The study conducts SWOT analysis to evaluate strengths and weaknesses of the key players in the Cryptocurrency Market. Further, the report conducts an intricate examination of drivers and restraints operating in the market. The report also evaluates the trends observed in the parent market, along with the macro-economic indicators, prevailing factors, and market appeal according to different segments. The report also predicts the influence of different industry aspects on the Cryptocurrency Market segments and regions.

Researchers also carry out a comprehensive analysis of the recent regulatory changes and their impact on the competitive landscape of the industry. The research assesses the recent progress in the competitive landscape including collaborations, joint ventures, product launches, acquisitions, and mergers, as well as investments in the sector for research and development.

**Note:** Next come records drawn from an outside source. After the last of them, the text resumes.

(* Let $\rho$ be a state of a $d$-dimensional system ($d<\infty$), let $A,B$ be two copies of this system with $\rho_A=\rho_B=\rho$, and let $j\neq0$ be an integer. Let $d^{(j)}:=\dim\mathcal{V}^{(j)}_{\rm in}$, where $\mathcal{V}^{(j)}_{\rm in}:=\mathrm{span}\{|n+j,m\rangle\langle n,m|\}_{n,m}$ (over all $n,m$ with $n,n+j,m\in\{0,\dots,d-1\}$). Then $$\Delta M_A^{(j)}\le\big\|(\rho_A\otimes\rho_B)^{(j)}\big\|_{d^{(j)}\text{-KF}}-\|\rho^{(j)}\|_1.$$
   Context: Local observable $L=\sum_{n=0}^{d-1}n|n\rangle\langle n|$ on each system, $L_{AB}=L\otimes\mathbb{I}+\mathbb{I}\otimes L$. For a single system, $\rho^{(j)}:=\sum_{n}|n+j\rangle\langle n+j|\rho|n\rangle\langle n|$ (terms with $n+j$ out of range omitted). For the bipartite system, the $j$th mode is $X^{(j)}:=\sum_c\Pi_{c+j}X\Pi_c$, with $\Pi_c$ the projector onto the eigenvalue-$c$ eigenspace of $L_{AB}$. $M^{(j)}(\sigma):=\|\sigma^{(j)}\|_1$ (trace norm). $\Delta M_A^{(j)}:=\max_{V_{AB}}M^{(j)}(\sigma_A)-M^{(j)}(\rho)$, with $\sigma_A=\mathrm{tr}_B[V_{AB}(\rho\otimes\rho)V_{AB}^\dagger]$ and the maximum over all unitaries with $[V_{AB},L_{AB}]=0$. For an operator $P$, $\|P\|_{\alpha\text{-KF}}$ is the Ky-Fan $\alpha$-norm, the sum of the $\alpha$ largest singular values of $P$. *)

From HB Require Import structures.
From mathcomp Require Import all_boot all_order all_algebra.
From mathcomp Require Import complex mxtens.
From mathcomp Require Import boolp classical_sets reals.
From Stdlib Require Import ClassicalEpsilon.
Set Implicit Arguments. Unset Strict Implicit. Unset Printing Implicit Defensive.
Import Order.TTheory GRing.Theory Num.Theory.
Local Open Scope ring_scope.
Local Open Scope complex_scope.

Section QDefs.
Variable R : realType.
Local Notation C := R[i].

Definition adj m n (A : 'M[C]_(m, n)) : 'M[C]_(n, m) := \matrix_(i, j) (A j i)^*.

Definition unitary n (U : 'M[C]_n) : Prop := U *m adj U = 1%:M /\ adj U *m U = 1%:M.

Definition is_state n (rho : 'M[C]_n) : Prop :=
  adj rho = rho /\ (forall v : 'cV[C]_n, 0 <= (adj v *m rho *m v) 0 0) /\ \tr rho = 1.

Definition is_svd n (P : 'M[C]_n) (s : 'I_n -> R) : Prop :=
  (forall i, 0 <= s i) /\ (forall i k : 'I_n, (i <= k)%N -> s k <= s i) /\
  exists U W : 'M[C]_n, unitary U /\ unitary W /\
     P = U *m diag_mx (\row_i ((s i)%:C)) *m W.

Definition singvals n (P : 'M[C]_n) : 'I_n -> R :=
  epsilon (inhabits (fun _ => 0)) (is_svd P).

Definition kyfan n (alpha : nat) (P : 'M[C]_n) : R :=
  \sum_(i < n | (i < alpha)%N) singvals P i.

Definition trnorm n (P : 'M[C]_n) : R := kyfan n P.

Definition Lop d : 'M[C]_d := diag_mx (\row_(k < d) (k%:R : C)).
Definition LAB d : 'M[C]_(d * d) := Lop d *t 1%:M + 1%:M *t Lop d.

(* j-th mode of a single-system operator:
   rho^(j) = sum_n |n+j><n+j| rho |n><n| *)
Definition mode1 d (j : int) (rho : 'M[C]_d) : 'M[C]_d :=
  \matrix_(a, b) (if a%:Z == b%:Z + j then rho a b else 0).

(* projector onto the eigenvalue-c eigenspace of L_AB (L_AB is diagonal in the
   product basis |n,m>, with eigenvalue n+m) *)
Definition PiAB d (c : int) : 'M[C]_(d * d) :=
  diag_mx (\row_k (if ((mxtens_unindex k).1 + (mxtens_unindex k).2)%:Z == c
                   then 1 else 0)).

Definition mode2 d (j : int) (X : 'M[C]_(d * d)) : 'M[C]_(d * d) :=
  \sum_(c < (2 * d)%N) PiAB d (c%:Z + j) *m X *m PiAB d c%:Z.

Definition ptrB d (X : 'M[C]_(d * d)) : 'M[C]_d :=
  \matrix_(a, b) \sum_(k < d) X (mxtens_index (a, k)) (mxtens_index (b, k)).

Definition Mj d (j : int) (sigma : 'M[C]_d) : R := trnorm (mode1 j sigma).

Definition DeltaMA d (j : int) (rho : 'M[C]_d) : R :=
  sup [set x : R | exists V : 'M[C]_(d * d),
         unitary V /\ V *m LAB d = LAB d *m V /\
         x = Mj j (ptrB (V *m (rho *t rho) *m adj V))] - Mj j rho.

(* d^(j) = dim V_in^(j), V_in^(j) = span{ |n+j,m><n,m| } *)
Definition dj d (j : int) : nat :=
  \rank (\sum_(ab : ('I_d * 'I_d) * ('I_d * 'I_d) |
                (ab.1.2 == ab.2.2) && (ab.1.1%:Z == (ab.2.1%:Z + j)%R))
          <<mxvec (delta_mx (mxtens_index ab.1) (mxtens_index ab.2) : 'M[C]_(d * d))>>)%MS.

End QDefs.

From mathcomp Require Import all_boot all_order all_algebra.
From mathcomp Require Import complex mxtens spectral perm.
From mathcomp Require Import reals.
From mathcomp Require Import ring.
From Stdlib Require Import ClassicalEpsilon.
Set Implicit Arguments. Unset Strict Implicit. Unset Printing Implicit Defensive.
Import Order.TTheory GRing.Theory Num.Theory.
Local Open Scope complex_scope.
Local Open Scope ring_scope.

(* A unitary V commuting with L_AB is block diagonal in the eigenbasis of
   L_AB, so the entries of V (rho (x) rho) V^+ that the partial trace feeds
   into the j-th mode of sigma_A, those at the positions (|n+j,m>, |n,m>),
   are entries of V (rho (x) rho)^(j) V^+.  Write ||sigma_A^(j)||_1 as
   |tr (M sigma_A^(j))| with M unitary and (rho (x) rho)^(j) = U diag(s) W as
   a singular value decomposition: by AM-GM and the unitarity of V U and W V^+
   the trace is at most sum_i s_i c_i, with weights 0 <= c_i <= 1 summing to
   the number N of such positions.  Hence it is at most the sum of the N
   largest s_i, and N <= d^(j) since the matrix units |n+j,m><n,m| are
   linearly independent.  The singular value decomposition itself comes from
   the spectral decomposition of P^+ P followed by a Gram-Schmidt completion
   of the normalised nonzero columns. *)

Lemma sort_perm_nonincr disp (T : orderType disp) n (f : 'I_n -> T) :
  exists p : 'S_n, forall i k : 'I_n, (i <= k)%N -> (f (p k) <= f (p i))%O.
Proof.
pose geT := fun x y : T => (y <= x)%O.
have geT_tr : transitive geT by move=> a b c /= h1 h2; apply: le_trans h2 h1.
pose t := [tuple f i | i < n].
have /tuple_permP [p sortE] : perm_eq (sort geT t) t by rewrite perm_sort.
exists p => i k ik.
have sorted_t : sorted geT (sort geT t) by apply: sort_sorted => x y; apply: le_total.
have := sorted_leq_nth geT_tr (fun x => lexx x) (f i) sorted_t _ _ _ _ ik.
rewrite sortE /= !inE size_map size_enum_ord !ltn_ord => /(_ isT isT).
rewrite !(nth_map i) -?enumT ?size_enum_ord ?ltn_ord // !nth_ord_enum.
by rewrite !tnth_map !tnth_ord_tuple.
Qed.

Cryptocurrency is a digital asset designed to work as a medium of exchange; it uses cryptography to verify and secure transactions. Rising demand for the cryptocurrency due to its minimum exchange rates and low charges across international transactions are further booming the growth of the market. Moreover, acceptance of cryptocurrency across the globe and the secure transaction also impacting on the growth of the cryptocurrency market.

Scope of the study:

The research on the Cryptocurrency Market focuses on mining out valuable data on investment pockets, growth opportunities, and major market vendors to help clients understand their competitors methodologies. The research also segments the Cryptocurrency Market on the basis of end user, product type, application, and demography for the forecast period 20202027. Comprehensive analysis of critical aspects such as impacting factors and competitive landscape are showcased with the help of vital resources, such as charts, tables, and infographics.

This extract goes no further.